Collected data entries
(* Let $b_i,b_j\in\mathbb{Z}^2$ be linearly independent and lie in the interiors of opposite quadrants of $\mathbb{Z}^2$, let $\mathcal{B}[i,j]$ be the $2\times2$ matrix with rows $b_i,b_j$, and $c[i,j]=(c_i,c_j)\in\mathbb{C}^2$. Then the space of Puiseux polynomial solutions of $\mathrm{Horn}(\mathcal{B}[i,j],c[i,j])$ has dimension $\nu_{ij}=\min(|b_{i1}b_{j2}|,|b_{i2}b_{j1}|)$.
   Context: For an integer matrix $\mathcal{B}'$ with rows $b'_k=(b'_{k1},b'_{k2})$ and $c'$ a complex vector, $\mathrm{Horn}(\mathcal{B}',c')=D_2\langle H_1,H_2\rangle$, where $H_r=Q_r-y_rP_r$, $P_r=\prod_{k:b'_{kr}<0}\prod_{l=0}^{|b'_{kr}|-1}(b'_k\cdot\theta_y+c'_k-l)$, $Q_r=\prod_{k:b'_{kr}>0}\prod_{l=0}^{b'_{kr}-1}(b'_k\cdot\theta_y+c'_k-l)$, $b'_k\cdot\theta_y=b'_{k1}y_1\partial_{y_1}+b'_{k2}y_2\partial_{y_2}$; $D_2$ is the Weyl algebra in $y_1,y_2$. A Puiseux polynomial is a finite linear combination of monomials with complex exponents. *)

From HB Require Import structures.
From mathcomp Require Import all_boot all_order all_algebra.
From mathcomp Require Import reals.
From mathcomp Require Import complex.
Set Implicit Arguments. Unset Strict Implicit. Unset Printing Implicit Defensive.
Import Order.TTheory GRing.Theory Num.Theory.
Local Open Scope ring_scope.

Section Horn.
Variable R : realType.
Local Notation C := R[i].

(* A Puiseux polynomial in y1,y2 = finite formal linear combination of
   monomials y^a = y1^(a.1) y2^(a.2), a in C^2; we represent it by its
   coefficient map a |-> coefficient of y^a. *)
Definition ppoly := (C * C)%type -> C.

Definition is_puiseux (f : ppoly) : Prop :=
  exists s : seq (C * C), forall a, f a != 0 -> a \in s.

Definition pop := ppoly -> ppoly.

Definition expo (r : 'I_2) (a : C * C) : C := if r == 0 then a.1 else a.2.
Definition unitv (r : 'I_2) : C * C := if r == 0 then (1, 0) else (0, 1).

(* Euler operator theta_{y_r} = y_r d/dy_r : y^a |-> a_r y^a *)
Definition theta (r : 'I_2) : pop := fun f a => expo r a * f a.
(* multiplication by y_r : y^a |-> y^(a + e_r) *)
Definition mulY (r : 'I_2) : pop := fun f a => f (a.1 - (unitv r).1, a.2 - (unitv r).2).

Definition hfactor (B : 'M[int]_2) (c : 'I_2 -> C) (k : 'I_2) (l : nat) : pop :=
  fun f a => (B k 0)%:~R * theta 0 f a + (B k 1)%:~R * theta 1 f a
             + (c k - l%:R) * f a.

Definition prodop (s : seq pop) : pop := foldr (fun g h => g \o h) id s.

Definition Pop (B : 'M[int]_2) (c : 'I_2 -> C) (r : 'I_2) : pop :=
  prodop [seq hfactor B c k l | k <- [seq k <- enum 'I_2 | B k r < 0],
                                l <- iota 0 (absz (B k r))].
Definition Qop (B : 'M[int]_2) (c : 'I_2 -> C) (r : 'I_2) : pop :=
  prodop [seq hfactor B c k l | k <- [seq k <- enum 'I_2 | 0 < B k r],
                                l <- iota 0 (absz (B k r))].

Definition Hop (B : 'M[int]_2) (c : 'I_2 -> C) (r : 'I_2) : pop :=
  fun f a => Qop B c r f a - mulY r (Pop B c r f) a.

(* Puiseux polynomial solutions of Horn(B,c) = D_2<H_1,H_2>:
   annihilated by the generators (equivalently by the whole left ideal). *)
Definition horn_sol (B : 'M[int]_2) (c : 'I_2 -> C) (f : ppoly) : Prop :=
  is_puiseux f /\ forall r a, Hop B c r f a = 0.

Definition horn_puiseux_dim (B : 'M[int]_2) (c : 'I_2 -> C) (n : nat) : Prop :=
  exists F : 'I_n -> ppoly,
    [/\ forall i, horn_sol B c (F i),
        (forall k : 'I_n -> C,
           (forall a, \sum_(i < n) k i * F i a = 0) -> forall i, k i = 0) &
        (forall f, horn_sol B c f ->
           exists k : 'I_n -> C, forall a, f a = \sum_(i < n) k i * F i a)].

End Horn.

(* In the coordinates [x_k = b_k . a + c_k] on exponents, [b_k . theta_y + c_k - l]
   multiplies [y^a] by [x_k - l], so [H_1 f = H_2 f = 0] become two first-order
   recurrences on the coefficients.  Since each column of [B] has entries of
   opposite signs, a finitely supported solution lives on natural exponents, and
   its coefficients, normalised by [n.1! n.2!], are invariant under the lattice
   translations [(a_0, -b_0)] and [(a_1, -b_1)], where [a_r], [b_r] are the
   absolute values of the entries of column [r].  When [a_0 b_1 < a_1 b_0] a
   linear weight decreases along the first translation and increases along the
   second, so an invariant finitely supported function is determined by its
   values on the rectangle [[0, a_0) x [0, b_1)]; conversely, the indicator of
   the points reachable from a rectangle point is invariant and is a Kronecker
   delta on the rectangle.  So the solutions have a basis indexed by the
   rectangle, of size [a_0 b_1 = min (a_0 b_1) (a_1 b_0)]. *)

From HB Require Import structures.
From mathcomp Require Import all_boot all_order all_algebra.
From mathcomp Require Import reals complex boolp.
From mathcomp Require Import zify ring.
Import Order.TTheory GRing.Theory Num.Theory.
Set Implicit Arguments. Unset Strict Implicit. Unset Printing Implicit Defensive.
Local Open Scope ring_scope.

Definition finsupp (T : eqType) (V : nmodType) (g : T -> V) : Prop :=
  exists s : seq T, forall x, g x != 0 -> x \in s.

Section FiniteSupport.
Variables (T : eqType) (K : nzRingType).

Lemma finsuppB (f g : T -> K) : finsupp f -> finsupp g -> finsupp (f \- g).
Proof.
move=> [s fs] [t gt]; exists (s ++ t) => x fgx; rewrite mem_cat.
have [/fs -> //|/negPn/eqP fx0] := boolP (f x != 0).
by move: fgx; rewrite /= fx0 sub0r oppr_eq0 => /gt ->; rewrite orbT.
Qed.

Lemma finsupp_lincomb n (k : 'I_n -> K) (h : 'I_n -> T -> K) :
  (forall i, finsupp (h i)) -> finsupp (fun x => \sum_i k i * h i x).
Proof.
move=> /fin_all_exists [s hs]; exists (flatten [seq s i | i <- enum 'I_n]) => x.
apply: contraNT => /flattenP nx; rewrite big1 // => i _.
have [/hs hsx|/negPn/eqP ->] := boolP (h i x != 0); last by rewrite mulr0.
by case: nx; exists (s i) => //; apply: map_f; rewrite mem_enum.
Qed.

End FiniteSupport.

Lemma finsupp_box (V : nmodType) (h : nat * nat -> V) M :
  (forall n, h n != 0 -> (n.1 <= M)%N /\ (n.2 <= M)%N) -> finsupp h.
Proof.
move=> hM; exists [seq (x, y) | x <- iota 0 M.+1, y <- iota 0 M.+1] => -[x y] /hM [hx hy].
by apply: allpairs_f; rewrite mem_iota ltnS.
Qed.

Lemma finsupp_comp (T : eqType) (V : nmodType) (X Y : T -> T) (f : T -> V) :
  cancel Y X -> finsupp f -> finsupp (f \o Y).
Proof.
by move=> YK [s fs]; exists (map X s) => x /fs Yx; rewrite -[x]YK map_f.
Qed.

Lemma finsupp_no_orbit (T : eqType) (V : nmodType) (g : T -> V) (x : nat -> T) :
  finsupp g -> injective x -> g (x 0%N) != 0 ->
  (forall k, g (x k) != 0 -> g (x k.+1) != 0) -> False.
Proof.
move=> [s gs] x_inj gx0 gxS.
have xs : {subset [seq x k | k <- iota 0 (size s).+1] <= s}.
  by move=> _ /mapP[k _ ->]; apply: gs; elim: k.
have uniq_x : uniq [seq x k | k <- iota 0 (size s).+1] by rewrite map_inj_uniq // iota_uniq.
have := uniq_leq_size uniq_x xs.
by rewrite size_map size_iota ltnn.
Qed.

Section FallingFactorial.
Variable K : idomainType.

Definition rfall (x : K) (n : nat) : K := \prod_(l < n) (x - l%:R).

Lemma rfall_iota x n : rfall x n = \prod_(l <- iota 0 n) (x - l%:R).
Proof. by rewrite /rfall -(big_mkord xpredT (fun l => x - l%:R)) /index_iota subn0. Qed.

Lemma rfall_eq0 x n : rfall x n = 0 <-> exists2 l, (l < n)%N & x = l%:R.
Proof.
split=> [/eqP/prodf_eq0 [l _ /eqP/subr0_eq xl]|[l ln ->]]; first by exists l.
by apply/eqP/prodf_eq0; exists (Ordinal ln) => //; rewrite subrr.
Qed.

Lemma rfall_neq0 x n : (forall m : nat, x != m%:R) -> rfall x n != 0.
Proof. by move=> xN; apply/eqP => /rfall_eq0 [l _ xl]; move: (xN l); rewrite xl eqxx. Qed.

■ WHAT YOU SHOULD DO:
What you give back must be the stretch above, starting at the line with "fun f a => Qop" and ending at the line with "is_puiseux f /\", copied exactly.

■ SOLUTION:
  fun f a => Qop B c r f a - mulY r (Pop B c r f) a.

(* Puiseux polynomial solutions of Horn(B,c) = D_2<H_1,H_2>:
   annihilated by the generators (equivalently by the whole left ideal). *)
Definition horn_sol (B : 'M[int]_2) (c : 'I_2 -> C) (f : ppoly) : Prop :=
  is_puiseux f /\ forall r a, Hop B c r f a = 0.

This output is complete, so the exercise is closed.